My own opinion, not necessarily shared by researchers or the oyster industry*, is that resistant strains of oysters will be developed to combat the adverse effects of climate change (vibrio and acidification) but that seafood consumers will eventually insist on seafood (including oysters) that is sterilized through some procedure to kill any potential pathogens prior to consumption. That technology exists today but is not widely used. In the end, these development are more likely to have greater (positive) impact on funding for the scientific community by triggering the need for more research and development than on consumers or the seafood industry.
*Opinions expressed in this blog are my own and do not represent the opinions of any of the commercial or educational firms associated with Nantuxent Corporation.

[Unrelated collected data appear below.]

(* [cond t] says of the node x0 that its root is labelled i and that its k-th argument
   is in the set X0 iff [tnth t k]; a constant needs its own atom since the
   conjunction over its (zero) arguments would be vacuous. *)
Definition cond (i : I) (t : (ar i).-tuple bool) : mso V :=
  match eq_comparable (ar i) 0 with
  | left ar0 => @MAtom V (SConst ar0) [tuple 0]
  | right _ => mbigand (enum 'I_(ar i)) (fun k =>
       MEx1 1 (MAnd (@MAtom V (SConn k) [tuple 1; 0]) (mlit (tnth t k) (MMem V 1 0))))
  end.

Definition theta_sat : mso V :=
  MEx2 0 (MAnd (mall 0 (mimp (@MAtom V (SRepr ar) [tuple 0]) (MMem V 0 0)))
    (mbigand (enum I) (fun i => mbigand (enum {: (ar i).-tuple bool}) (fun t =>
       mall 0 (mimp (cond t) (mlit (fn t) (MMem V 0 0))))))).

Lemma fv1_cond i (t : (ar i).-tuple bool) : {subset fv1 (cond t) <= [:: 0]}.
Proof.
rewrite /cond; case: eq_comparable => [ar0 | _] //.
apply: fv1_mbigand_sub => k; apply: fv1_MEx1_sub => y.
by rewrite /= fv1_mlit !inE => /or3P[] /eqP ->.
Qed.

Lemma fv2_cond i (t : (ar i).-tuple bool) : {subset fv2 (cond t) <= [:: 0]}.
Proof.
rewrite /cond; case: eq_comparable => [ar0 | _] //.
by apply: fv2_mbigand_sub => k y; rewrite /= fv2_mlit.
Qed.

Lemma subset_nil (s : seq nat) : {subset s <= [::]} -> s = [::].
Proof. by case: s => // y s /(_ y (mem_head _ _)). Qed.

This video features Downe Township mayor Bob Campbell, local business owner Paul Waterman, and other local residents talking about the state buyouts of property at Money Island, New Jersey. The buyout of residences along both sides of the Delaware Bay is an essential prerequisite and enabling factor for the expansion of education, aquaculture and marine fisheries activity in the future. Naturally this causes tensions within the community. Money Island’s past existence with quiet waterside residences in a recreational fishing community has given way to a more active future in eco-tourism and education, aquaculture and commercial seafood harvesting. Nantuxent Corporation founder Tony Novak points out that this inevitable tension directly led to the community’s fast transformation in recent years and the sustainable eco-friendly redevelopment opportunity that exists today.
In fact, while seas and climate-related water changes are bad for residential communities and recreational fishing, these changes are generally helpful to the aquaculture and commercial seafood harvesting industry.
Nantuxent Corporation works in partnership with a number of commercial, educational, government and nonprofit entities to help balance the interests of all stakeholders. Striking this balance will help speed up the redevelopment of Money Island as an aquaculture and educational hub if the middle bay region.
Rutgers University published a video discussing the challenges and progress being made through living shoreline stabilization projects. Much of the filming in this video is done on related properties and businesses.